• **Exercise requirements**: Every line below between the one holding "Theorem mainTheorem9 (R" and the one holding "apply/eqP; rewrite -leqn0", inclusive, should be copied exactly, and no other line.

Collected data entries
※

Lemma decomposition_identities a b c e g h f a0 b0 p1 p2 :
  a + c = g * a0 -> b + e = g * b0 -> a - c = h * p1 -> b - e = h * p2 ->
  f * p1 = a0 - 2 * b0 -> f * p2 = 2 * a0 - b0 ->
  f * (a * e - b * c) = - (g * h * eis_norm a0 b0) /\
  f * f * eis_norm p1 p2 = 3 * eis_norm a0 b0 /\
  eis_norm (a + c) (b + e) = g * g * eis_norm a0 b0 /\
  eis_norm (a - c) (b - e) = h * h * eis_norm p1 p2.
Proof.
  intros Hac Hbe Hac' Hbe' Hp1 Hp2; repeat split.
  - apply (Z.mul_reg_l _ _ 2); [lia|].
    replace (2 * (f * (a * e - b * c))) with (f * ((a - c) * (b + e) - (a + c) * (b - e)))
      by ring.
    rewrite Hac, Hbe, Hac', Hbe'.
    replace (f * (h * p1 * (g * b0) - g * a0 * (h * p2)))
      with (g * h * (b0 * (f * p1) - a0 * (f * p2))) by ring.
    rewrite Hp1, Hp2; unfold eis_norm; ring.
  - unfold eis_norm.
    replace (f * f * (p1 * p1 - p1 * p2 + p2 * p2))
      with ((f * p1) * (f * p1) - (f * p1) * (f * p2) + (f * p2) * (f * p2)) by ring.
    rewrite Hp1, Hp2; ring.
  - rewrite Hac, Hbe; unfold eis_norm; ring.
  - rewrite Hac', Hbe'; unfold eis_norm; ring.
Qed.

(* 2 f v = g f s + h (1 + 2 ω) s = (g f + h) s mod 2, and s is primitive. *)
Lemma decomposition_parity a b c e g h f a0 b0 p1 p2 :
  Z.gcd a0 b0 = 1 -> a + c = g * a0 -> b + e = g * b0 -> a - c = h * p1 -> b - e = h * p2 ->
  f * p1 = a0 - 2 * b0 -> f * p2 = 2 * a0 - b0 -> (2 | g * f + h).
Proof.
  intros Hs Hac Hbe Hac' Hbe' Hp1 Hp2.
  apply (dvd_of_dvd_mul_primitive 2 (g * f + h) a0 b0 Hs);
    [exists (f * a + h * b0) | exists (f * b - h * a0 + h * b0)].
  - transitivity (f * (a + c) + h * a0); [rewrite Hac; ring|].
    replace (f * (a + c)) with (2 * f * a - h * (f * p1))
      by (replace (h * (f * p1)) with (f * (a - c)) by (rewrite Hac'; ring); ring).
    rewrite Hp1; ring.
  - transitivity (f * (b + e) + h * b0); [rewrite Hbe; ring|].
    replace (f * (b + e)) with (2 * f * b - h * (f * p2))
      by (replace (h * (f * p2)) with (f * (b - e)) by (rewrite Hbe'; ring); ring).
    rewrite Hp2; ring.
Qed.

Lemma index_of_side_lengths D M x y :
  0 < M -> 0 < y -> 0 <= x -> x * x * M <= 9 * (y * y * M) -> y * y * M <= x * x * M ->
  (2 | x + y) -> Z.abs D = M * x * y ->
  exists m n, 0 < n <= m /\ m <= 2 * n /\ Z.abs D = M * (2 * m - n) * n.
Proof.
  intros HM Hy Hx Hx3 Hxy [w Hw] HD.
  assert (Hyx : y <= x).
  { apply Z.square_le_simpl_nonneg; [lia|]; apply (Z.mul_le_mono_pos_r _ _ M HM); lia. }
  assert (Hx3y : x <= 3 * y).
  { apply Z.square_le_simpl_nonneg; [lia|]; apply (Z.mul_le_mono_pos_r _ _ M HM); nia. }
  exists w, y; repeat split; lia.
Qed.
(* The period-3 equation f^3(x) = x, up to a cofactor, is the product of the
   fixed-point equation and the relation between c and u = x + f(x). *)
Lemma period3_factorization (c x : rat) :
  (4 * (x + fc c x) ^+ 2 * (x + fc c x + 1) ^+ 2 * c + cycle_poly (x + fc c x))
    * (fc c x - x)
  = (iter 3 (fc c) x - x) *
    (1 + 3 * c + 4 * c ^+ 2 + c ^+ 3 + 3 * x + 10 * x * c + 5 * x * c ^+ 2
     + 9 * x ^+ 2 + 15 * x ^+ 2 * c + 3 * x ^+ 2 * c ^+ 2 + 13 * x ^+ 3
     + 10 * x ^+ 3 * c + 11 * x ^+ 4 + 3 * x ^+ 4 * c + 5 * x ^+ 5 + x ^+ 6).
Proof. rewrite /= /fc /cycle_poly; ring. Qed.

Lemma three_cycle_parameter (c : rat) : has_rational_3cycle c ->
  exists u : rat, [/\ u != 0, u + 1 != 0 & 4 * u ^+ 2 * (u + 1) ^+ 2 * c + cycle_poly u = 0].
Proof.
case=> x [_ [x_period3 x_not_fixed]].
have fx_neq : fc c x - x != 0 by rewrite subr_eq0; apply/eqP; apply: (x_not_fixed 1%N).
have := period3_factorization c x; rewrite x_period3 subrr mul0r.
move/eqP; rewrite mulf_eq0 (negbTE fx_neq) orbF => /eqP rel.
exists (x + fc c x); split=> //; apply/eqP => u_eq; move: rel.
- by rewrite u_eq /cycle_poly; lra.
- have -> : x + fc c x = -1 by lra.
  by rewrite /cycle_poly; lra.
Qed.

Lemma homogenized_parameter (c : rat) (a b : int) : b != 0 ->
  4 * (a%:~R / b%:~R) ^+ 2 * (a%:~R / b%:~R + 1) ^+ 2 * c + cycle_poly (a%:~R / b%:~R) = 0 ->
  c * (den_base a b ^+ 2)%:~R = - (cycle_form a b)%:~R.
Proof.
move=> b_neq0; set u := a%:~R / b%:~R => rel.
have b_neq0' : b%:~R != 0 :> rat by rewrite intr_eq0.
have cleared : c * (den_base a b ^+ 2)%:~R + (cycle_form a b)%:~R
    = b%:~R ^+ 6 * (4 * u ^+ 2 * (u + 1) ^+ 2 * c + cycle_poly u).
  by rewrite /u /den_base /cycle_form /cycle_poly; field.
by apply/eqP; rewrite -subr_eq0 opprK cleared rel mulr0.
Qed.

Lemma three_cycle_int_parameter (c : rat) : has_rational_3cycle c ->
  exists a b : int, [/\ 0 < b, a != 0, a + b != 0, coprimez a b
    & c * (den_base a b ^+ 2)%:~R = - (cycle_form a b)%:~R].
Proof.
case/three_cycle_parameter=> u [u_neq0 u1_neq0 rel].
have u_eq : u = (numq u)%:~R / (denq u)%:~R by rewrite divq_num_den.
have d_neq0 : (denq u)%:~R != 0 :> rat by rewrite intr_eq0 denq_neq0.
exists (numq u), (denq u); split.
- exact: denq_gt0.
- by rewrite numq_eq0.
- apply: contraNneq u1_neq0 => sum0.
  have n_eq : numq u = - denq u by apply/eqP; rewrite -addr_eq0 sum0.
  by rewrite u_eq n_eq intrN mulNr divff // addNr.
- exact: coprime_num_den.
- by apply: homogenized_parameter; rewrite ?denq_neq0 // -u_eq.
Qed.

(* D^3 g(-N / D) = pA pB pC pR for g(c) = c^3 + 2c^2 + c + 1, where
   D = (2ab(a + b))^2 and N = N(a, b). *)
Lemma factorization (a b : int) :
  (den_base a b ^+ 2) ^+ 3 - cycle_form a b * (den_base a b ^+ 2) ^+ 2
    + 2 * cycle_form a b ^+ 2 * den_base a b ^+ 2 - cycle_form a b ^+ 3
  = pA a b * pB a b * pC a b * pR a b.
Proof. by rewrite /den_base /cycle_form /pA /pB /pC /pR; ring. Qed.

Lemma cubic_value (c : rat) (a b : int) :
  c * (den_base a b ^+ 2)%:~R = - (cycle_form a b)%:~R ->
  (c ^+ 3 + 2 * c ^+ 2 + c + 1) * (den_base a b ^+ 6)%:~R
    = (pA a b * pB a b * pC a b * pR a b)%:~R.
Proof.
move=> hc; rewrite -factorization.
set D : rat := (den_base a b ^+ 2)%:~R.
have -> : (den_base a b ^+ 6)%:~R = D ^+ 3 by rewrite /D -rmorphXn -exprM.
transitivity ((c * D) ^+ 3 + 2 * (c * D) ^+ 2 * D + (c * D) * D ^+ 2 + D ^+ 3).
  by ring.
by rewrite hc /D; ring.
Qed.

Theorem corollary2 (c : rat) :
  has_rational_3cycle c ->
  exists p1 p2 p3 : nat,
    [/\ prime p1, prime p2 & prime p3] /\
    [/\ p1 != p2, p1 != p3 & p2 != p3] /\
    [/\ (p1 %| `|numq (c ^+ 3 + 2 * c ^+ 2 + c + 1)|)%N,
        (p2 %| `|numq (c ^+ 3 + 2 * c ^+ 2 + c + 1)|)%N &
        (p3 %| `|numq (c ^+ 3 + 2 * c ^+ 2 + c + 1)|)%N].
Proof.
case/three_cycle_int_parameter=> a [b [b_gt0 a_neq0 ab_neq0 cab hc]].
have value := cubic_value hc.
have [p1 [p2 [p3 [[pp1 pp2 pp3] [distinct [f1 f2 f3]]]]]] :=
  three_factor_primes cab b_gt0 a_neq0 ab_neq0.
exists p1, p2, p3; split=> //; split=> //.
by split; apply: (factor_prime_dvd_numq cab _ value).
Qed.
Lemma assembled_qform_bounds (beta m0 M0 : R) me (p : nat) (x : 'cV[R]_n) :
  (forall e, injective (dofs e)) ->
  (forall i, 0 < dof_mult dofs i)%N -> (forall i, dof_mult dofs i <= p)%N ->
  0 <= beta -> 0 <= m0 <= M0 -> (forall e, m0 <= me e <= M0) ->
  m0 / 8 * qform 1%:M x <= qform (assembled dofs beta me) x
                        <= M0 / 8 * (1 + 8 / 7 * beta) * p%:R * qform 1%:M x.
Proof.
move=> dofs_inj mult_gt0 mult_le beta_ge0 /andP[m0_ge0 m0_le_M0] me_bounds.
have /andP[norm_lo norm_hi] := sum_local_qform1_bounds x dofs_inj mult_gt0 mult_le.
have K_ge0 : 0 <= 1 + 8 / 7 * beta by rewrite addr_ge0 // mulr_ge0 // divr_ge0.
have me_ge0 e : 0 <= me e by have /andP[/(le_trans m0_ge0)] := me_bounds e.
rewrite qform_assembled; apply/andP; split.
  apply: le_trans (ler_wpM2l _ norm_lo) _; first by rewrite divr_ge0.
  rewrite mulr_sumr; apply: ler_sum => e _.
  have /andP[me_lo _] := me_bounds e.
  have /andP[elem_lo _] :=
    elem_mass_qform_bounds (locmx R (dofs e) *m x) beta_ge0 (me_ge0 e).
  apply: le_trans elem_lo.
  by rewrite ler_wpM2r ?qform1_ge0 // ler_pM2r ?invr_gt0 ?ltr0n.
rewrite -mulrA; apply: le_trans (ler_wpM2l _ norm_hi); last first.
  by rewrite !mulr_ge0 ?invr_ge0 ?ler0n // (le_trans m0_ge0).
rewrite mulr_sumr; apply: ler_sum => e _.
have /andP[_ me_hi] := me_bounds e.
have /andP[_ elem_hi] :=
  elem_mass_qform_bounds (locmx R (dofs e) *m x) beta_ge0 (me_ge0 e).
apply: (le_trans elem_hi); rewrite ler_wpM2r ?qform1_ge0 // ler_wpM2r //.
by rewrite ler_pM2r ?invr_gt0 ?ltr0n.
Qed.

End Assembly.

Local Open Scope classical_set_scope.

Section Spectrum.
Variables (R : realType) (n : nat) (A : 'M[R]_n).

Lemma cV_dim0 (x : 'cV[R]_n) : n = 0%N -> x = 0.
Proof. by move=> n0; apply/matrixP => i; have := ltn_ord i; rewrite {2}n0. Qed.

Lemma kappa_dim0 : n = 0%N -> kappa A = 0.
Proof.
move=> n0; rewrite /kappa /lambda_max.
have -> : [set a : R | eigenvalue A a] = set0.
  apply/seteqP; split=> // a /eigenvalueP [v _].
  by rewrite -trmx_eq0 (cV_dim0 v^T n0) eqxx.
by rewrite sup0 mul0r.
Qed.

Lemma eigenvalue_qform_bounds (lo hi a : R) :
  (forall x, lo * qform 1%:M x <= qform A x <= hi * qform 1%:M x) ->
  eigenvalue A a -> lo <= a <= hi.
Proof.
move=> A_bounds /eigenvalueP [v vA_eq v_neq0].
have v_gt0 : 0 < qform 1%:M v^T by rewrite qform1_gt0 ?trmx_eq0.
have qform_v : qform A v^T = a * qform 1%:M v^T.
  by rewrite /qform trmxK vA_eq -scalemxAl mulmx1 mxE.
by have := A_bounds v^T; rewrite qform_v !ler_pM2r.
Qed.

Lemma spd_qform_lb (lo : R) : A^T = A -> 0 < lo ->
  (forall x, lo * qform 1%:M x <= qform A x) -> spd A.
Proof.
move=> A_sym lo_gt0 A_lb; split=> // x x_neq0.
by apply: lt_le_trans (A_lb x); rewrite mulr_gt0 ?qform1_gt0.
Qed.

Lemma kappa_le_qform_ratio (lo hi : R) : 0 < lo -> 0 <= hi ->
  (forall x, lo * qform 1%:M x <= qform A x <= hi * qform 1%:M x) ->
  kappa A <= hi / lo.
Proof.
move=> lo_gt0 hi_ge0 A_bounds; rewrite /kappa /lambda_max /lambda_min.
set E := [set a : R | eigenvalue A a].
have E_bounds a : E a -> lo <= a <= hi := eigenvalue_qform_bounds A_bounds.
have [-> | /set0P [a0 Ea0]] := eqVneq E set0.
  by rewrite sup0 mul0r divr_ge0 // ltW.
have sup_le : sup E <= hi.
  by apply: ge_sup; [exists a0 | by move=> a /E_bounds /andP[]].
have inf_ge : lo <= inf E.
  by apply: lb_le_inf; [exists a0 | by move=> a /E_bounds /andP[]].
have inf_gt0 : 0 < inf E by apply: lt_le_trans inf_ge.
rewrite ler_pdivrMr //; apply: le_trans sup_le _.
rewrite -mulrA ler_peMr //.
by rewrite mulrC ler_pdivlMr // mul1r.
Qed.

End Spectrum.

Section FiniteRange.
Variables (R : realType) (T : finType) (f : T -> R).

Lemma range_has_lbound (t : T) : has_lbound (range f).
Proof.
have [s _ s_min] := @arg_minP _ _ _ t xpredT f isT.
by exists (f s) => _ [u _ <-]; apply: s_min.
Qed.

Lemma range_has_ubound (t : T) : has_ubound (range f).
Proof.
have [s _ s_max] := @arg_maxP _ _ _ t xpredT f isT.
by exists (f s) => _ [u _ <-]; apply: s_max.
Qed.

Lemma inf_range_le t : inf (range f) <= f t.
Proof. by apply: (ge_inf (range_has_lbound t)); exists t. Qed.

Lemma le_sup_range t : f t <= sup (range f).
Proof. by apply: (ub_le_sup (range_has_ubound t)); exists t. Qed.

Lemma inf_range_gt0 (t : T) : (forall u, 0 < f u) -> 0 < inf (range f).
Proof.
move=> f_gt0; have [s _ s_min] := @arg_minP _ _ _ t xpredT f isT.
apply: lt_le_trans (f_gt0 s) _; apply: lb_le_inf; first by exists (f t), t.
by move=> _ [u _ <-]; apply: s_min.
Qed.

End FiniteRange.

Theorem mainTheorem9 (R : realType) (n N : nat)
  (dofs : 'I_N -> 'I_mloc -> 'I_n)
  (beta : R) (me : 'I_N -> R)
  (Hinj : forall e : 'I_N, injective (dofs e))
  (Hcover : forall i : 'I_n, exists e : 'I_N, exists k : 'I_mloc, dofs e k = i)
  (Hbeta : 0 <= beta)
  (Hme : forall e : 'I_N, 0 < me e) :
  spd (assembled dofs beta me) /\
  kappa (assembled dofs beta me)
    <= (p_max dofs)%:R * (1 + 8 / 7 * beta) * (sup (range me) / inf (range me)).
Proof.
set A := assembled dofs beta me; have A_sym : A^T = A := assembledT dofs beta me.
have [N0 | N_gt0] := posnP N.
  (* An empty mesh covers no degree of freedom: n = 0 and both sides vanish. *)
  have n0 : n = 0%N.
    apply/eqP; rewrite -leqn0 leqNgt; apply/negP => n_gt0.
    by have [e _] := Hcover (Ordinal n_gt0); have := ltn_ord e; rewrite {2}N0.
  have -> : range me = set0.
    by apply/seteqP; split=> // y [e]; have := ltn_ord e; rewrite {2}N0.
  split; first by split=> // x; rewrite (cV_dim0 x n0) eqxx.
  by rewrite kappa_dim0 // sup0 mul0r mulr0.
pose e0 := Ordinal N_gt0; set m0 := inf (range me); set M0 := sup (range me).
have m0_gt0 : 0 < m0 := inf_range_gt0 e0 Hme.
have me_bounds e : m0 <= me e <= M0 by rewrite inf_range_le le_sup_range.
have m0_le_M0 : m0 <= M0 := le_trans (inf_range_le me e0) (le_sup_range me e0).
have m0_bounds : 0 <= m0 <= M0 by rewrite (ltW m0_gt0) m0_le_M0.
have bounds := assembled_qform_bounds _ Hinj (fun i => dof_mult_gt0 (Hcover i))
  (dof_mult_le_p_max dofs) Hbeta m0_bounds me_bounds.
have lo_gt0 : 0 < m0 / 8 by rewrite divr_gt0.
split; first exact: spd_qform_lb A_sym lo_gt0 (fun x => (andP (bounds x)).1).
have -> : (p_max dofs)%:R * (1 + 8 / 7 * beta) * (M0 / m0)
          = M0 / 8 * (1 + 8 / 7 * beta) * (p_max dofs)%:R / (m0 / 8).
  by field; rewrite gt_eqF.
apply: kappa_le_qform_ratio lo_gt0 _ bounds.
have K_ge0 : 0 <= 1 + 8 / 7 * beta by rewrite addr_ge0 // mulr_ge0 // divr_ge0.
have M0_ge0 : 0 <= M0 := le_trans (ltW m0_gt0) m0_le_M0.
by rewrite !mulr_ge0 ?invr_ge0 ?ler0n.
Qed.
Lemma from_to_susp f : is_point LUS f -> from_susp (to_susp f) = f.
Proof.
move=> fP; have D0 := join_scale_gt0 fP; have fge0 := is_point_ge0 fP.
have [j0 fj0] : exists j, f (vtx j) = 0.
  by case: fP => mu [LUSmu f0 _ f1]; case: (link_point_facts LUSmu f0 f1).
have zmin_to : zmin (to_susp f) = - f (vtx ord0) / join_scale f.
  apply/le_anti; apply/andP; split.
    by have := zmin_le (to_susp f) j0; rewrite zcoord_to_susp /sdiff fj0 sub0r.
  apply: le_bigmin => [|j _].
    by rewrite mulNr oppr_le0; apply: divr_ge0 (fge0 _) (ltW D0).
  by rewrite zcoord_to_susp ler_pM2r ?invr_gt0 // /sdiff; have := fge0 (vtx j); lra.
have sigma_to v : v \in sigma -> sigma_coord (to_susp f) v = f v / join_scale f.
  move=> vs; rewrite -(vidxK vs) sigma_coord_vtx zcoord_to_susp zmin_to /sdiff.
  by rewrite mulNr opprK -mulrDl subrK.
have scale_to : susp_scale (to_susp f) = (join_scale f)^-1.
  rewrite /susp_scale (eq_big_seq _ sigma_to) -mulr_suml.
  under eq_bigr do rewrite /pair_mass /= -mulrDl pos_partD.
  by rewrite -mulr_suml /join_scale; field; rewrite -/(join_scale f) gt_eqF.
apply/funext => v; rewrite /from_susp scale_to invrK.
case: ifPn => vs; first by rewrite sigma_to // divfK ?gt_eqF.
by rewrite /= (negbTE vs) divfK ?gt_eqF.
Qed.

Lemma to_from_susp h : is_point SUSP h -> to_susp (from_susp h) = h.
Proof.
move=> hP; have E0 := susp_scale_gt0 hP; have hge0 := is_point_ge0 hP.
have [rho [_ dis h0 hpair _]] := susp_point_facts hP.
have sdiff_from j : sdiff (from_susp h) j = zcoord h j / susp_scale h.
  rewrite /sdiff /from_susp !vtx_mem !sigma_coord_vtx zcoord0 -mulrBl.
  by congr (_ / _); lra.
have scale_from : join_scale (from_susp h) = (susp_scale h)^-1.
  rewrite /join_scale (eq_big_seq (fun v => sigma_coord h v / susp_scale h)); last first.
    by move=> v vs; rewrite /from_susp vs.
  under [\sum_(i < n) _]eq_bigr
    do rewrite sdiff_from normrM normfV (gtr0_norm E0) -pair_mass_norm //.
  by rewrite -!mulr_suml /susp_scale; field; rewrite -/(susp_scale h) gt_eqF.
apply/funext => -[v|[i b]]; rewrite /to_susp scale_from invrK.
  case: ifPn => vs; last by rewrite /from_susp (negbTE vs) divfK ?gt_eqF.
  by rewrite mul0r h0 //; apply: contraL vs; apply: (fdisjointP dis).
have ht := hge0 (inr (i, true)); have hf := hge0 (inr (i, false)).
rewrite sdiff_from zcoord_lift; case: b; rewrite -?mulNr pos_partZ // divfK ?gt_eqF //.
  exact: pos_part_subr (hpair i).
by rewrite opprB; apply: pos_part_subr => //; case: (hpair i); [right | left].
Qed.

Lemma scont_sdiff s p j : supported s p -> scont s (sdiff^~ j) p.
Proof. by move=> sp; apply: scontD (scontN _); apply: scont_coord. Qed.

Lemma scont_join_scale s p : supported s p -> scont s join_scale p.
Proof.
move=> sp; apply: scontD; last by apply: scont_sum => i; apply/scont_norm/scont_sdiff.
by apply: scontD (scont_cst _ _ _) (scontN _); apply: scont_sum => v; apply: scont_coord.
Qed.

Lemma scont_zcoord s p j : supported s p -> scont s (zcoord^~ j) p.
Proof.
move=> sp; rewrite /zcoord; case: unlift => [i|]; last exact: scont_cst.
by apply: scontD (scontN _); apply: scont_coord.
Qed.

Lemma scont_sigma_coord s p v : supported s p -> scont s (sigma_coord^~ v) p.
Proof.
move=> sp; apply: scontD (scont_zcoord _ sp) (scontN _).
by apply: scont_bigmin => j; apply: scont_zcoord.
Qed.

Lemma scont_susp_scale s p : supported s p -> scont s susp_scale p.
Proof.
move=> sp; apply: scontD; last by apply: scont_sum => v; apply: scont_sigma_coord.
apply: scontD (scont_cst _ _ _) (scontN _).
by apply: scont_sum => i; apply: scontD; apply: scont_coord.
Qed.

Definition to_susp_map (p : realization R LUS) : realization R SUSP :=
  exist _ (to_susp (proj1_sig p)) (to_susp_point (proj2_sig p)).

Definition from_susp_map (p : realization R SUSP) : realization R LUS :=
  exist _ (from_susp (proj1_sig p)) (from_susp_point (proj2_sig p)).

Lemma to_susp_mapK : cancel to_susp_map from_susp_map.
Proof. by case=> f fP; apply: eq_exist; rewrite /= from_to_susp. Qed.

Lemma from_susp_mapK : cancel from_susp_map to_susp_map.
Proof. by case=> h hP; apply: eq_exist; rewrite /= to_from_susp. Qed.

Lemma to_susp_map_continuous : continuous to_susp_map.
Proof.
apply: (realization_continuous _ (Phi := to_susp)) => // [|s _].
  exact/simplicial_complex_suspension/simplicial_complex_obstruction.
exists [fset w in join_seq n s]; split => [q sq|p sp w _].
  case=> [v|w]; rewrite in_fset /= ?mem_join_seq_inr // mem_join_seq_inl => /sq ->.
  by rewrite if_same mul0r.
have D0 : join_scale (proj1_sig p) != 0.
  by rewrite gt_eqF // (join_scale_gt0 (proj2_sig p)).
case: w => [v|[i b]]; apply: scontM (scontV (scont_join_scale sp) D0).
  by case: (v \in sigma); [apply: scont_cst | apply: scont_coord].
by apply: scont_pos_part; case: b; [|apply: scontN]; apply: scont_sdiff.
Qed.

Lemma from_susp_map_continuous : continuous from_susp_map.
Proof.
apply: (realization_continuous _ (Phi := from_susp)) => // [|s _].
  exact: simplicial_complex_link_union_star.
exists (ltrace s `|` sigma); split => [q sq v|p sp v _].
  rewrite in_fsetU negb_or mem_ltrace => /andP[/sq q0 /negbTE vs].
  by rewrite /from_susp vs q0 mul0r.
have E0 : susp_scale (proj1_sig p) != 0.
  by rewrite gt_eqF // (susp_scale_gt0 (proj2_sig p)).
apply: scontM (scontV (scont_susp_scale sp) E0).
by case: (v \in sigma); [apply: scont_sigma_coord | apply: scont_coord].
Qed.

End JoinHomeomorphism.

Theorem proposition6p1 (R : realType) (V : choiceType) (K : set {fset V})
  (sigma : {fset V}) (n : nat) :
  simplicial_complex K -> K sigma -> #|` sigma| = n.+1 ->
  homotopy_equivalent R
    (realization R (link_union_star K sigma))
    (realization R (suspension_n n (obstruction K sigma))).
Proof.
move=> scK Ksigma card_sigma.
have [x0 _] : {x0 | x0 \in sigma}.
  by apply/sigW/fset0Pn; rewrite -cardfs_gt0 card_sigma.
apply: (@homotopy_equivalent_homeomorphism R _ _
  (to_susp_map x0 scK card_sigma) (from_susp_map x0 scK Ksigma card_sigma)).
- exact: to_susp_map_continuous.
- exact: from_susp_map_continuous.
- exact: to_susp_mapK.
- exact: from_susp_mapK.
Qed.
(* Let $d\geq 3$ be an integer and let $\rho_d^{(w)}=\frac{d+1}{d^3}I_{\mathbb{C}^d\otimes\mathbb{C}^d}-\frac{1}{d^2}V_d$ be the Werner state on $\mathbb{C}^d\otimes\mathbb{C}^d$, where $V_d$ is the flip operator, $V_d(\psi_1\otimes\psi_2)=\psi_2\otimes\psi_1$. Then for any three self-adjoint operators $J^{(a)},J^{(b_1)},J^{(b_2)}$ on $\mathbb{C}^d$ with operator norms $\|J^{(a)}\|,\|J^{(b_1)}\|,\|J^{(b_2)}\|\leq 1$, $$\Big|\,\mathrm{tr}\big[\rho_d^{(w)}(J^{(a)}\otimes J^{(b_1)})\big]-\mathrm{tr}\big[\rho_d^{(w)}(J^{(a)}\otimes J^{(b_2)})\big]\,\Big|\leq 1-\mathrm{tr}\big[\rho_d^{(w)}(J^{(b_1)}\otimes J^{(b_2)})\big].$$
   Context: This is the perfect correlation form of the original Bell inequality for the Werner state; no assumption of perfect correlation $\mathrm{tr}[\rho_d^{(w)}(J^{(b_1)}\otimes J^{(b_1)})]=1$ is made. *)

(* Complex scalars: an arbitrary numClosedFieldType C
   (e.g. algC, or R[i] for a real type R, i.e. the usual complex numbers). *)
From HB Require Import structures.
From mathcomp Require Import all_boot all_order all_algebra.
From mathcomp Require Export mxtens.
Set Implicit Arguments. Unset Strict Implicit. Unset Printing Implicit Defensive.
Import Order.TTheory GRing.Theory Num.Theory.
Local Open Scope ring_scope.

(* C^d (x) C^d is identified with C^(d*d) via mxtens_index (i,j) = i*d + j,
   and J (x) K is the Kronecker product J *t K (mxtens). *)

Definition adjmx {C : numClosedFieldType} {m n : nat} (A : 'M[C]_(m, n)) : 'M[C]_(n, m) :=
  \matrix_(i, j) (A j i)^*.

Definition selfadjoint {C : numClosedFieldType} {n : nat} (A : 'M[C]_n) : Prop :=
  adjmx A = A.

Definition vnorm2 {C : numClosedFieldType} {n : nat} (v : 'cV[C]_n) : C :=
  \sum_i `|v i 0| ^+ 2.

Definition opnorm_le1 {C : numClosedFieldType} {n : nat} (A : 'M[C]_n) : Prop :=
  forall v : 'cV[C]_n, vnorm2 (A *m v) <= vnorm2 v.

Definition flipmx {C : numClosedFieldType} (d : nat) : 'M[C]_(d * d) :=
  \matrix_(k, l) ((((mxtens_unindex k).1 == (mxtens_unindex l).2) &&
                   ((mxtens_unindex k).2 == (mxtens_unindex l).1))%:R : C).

※

• **Solution for this exercise**:
Theorem mainTheorem9 (R : realType) (n N : nat)
  (dofs : 'I_N -> 'I_mloc -> 'I_n)
  (beta : R) (me : 'I_N -> R)
  (Hinj : forall e : 'I_N, injective (dofs e))
  (Hcover : forall i : 'I_n, exists e : 'I_N, exists k : 'I_mloc, dofs e k = i)
  (Hbeta : 0 <= beta)
  (Hme : forall e : 'I_N, 0 < me e) :
  spd (assembled dofs beta me) /\
  kappa (assembled dofs beta me)
    <= (p_max dofs)%:R * (1 + 8 / 7 * beta) * (sup (range me) / inf (range me)).
Proof.
set A := assembled dofs beta me; have A_sym : A^T = A := assembledT dofs beta me.
have [N0 | N_gt0] := posnP N.
  (* An empty mesh covers no degree of freedom: n = 0 and both sides vanish. *)
  have n0 : n = 0%N.
    apply/eqP; rewrite -leqn0 leqNgt; apply/negP => n_gt0.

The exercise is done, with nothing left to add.